* [WHAT THE EXERCISE ASKS]:
In the listing that follows, the range to quote begins at the line that has "assert (Hs : 0" and ends after the line that has "assert (Htail : exp (- (x * x)) < eps * s)."; quote it verbatim and add nothing.

* [DATASET RECORDS]:
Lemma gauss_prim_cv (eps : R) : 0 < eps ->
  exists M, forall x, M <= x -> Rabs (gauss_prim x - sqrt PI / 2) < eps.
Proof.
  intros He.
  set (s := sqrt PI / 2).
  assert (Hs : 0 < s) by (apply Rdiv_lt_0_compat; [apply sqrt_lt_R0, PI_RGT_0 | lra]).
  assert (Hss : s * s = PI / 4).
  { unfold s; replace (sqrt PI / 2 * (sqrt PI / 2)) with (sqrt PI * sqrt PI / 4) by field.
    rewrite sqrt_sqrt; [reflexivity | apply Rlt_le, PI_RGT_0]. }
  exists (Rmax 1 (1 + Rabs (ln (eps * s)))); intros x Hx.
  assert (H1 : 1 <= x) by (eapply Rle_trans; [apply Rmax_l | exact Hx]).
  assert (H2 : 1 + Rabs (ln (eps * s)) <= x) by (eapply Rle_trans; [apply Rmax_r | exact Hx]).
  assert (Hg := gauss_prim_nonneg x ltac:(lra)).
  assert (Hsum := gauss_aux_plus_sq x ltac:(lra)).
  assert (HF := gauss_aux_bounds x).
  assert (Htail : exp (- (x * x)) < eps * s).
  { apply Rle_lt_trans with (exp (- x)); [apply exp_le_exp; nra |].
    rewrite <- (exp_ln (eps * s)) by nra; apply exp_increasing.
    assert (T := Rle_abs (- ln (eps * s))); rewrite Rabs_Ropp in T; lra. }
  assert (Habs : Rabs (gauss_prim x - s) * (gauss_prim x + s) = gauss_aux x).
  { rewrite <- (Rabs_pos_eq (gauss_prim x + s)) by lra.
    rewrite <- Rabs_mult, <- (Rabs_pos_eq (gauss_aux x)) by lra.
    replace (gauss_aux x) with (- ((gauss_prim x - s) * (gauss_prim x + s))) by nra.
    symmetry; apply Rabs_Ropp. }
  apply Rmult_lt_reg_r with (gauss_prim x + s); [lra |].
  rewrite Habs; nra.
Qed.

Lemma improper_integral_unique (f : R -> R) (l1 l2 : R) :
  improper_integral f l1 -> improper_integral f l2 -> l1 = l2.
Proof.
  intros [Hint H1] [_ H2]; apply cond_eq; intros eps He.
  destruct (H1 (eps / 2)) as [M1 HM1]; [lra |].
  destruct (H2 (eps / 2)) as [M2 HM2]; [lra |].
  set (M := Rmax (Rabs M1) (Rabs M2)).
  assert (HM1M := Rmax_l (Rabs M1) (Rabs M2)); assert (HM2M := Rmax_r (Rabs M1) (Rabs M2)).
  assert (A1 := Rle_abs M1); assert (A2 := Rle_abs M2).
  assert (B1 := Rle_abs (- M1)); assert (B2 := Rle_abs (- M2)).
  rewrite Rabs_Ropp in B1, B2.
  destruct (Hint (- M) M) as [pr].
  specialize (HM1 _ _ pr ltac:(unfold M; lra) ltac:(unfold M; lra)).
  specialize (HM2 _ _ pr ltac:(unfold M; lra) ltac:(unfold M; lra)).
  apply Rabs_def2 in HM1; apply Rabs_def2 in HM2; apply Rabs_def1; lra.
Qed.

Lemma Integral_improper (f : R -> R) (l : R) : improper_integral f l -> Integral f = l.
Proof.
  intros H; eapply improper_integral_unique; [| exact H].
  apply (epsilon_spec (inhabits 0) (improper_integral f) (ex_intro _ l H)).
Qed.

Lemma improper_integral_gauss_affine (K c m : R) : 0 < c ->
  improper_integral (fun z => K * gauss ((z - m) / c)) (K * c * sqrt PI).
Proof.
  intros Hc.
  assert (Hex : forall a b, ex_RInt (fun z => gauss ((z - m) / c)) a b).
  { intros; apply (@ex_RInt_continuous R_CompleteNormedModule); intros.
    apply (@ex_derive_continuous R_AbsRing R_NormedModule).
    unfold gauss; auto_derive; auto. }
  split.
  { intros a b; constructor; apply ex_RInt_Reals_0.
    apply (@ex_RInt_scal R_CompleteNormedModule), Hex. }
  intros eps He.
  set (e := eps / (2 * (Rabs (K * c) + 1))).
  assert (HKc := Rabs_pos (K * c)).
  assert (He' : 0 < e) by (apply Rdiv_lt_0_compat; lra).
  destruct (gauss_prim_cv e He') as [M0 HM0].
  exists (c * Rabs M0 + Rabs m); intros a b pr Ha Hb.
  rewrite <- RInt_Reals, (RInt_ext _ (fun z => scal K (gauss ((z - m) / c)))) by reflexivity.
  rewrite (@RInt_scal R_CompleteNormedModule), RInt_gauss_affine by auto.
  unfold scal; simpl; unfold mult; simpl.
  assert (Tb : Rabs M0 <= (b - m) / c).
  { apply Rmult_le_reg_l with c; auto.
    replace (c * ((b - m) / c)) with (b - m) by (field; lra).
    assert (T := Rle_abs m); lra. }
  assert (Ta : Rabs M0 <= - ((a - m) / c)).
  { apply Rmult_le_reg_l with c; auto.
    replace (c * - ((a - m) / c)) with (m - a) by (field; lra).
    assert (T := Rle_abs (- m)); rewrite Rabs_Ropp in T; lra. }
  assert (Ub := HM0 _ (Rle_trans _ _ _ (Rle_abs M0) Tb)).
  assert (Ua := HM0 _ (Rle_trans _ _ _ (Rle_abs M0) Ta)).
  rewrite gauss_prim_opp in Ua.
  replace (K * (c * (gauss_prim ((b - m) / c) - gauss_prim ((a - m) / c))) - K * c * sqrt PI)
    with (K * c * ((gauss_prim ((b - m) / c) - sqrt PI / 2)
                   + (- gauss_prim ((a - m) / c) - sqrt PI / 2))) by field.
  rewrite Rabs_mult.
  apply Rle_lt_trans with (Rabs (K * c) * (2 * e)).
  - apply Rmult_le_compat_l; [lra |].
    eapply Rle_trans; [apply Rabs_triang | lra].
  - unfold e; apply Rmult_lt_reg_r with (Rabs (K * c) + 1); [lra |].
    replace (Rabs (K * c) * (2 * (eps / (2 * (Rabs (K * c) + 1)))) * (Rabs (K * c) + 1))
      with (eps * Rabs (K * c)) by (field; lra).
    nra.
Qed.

* [RESPONSE FOR THIS EXERCISE]:
  assert (Hs : 0 < s) by (apply Rdiv_lt_0_compat; [apply sqrt_lt_R0, PI_RGT_0 | lra]).
  assert (Hss : s * s = PI / 4).
  { unfold s; replace (sqrt PI / 2 * (sqrt PI / 2)) with (sqrt PI * sqrt PI / 4) by field.
    rewrite sqrt_sqrt; [reflexivity | apply Rlt_le, PI_RGT_0]. }
  exists (Rmax 1 (1 + Rabs (ln (eps * s)))); intros x Hx.
  assert (H1 : 1 <= x) by (eapply Rle_trans; [apply Rmax_l | exact Hx]).
  assert (H2 : 1 + Rabs (ln (eps * s)) <= x) by (eapply Rle_trans; [apply Rmax_r | exact Hx]).
  assert (Hg := gauss_prim_nonneg x ltac:(lra)).
  assert (Hsum := gauss_aux_plus_sq x ltac:(lra)).
  assert (HF := gauss_aux_bounds x).
  assert (Htail : exp (- (x * x)) < eps * s).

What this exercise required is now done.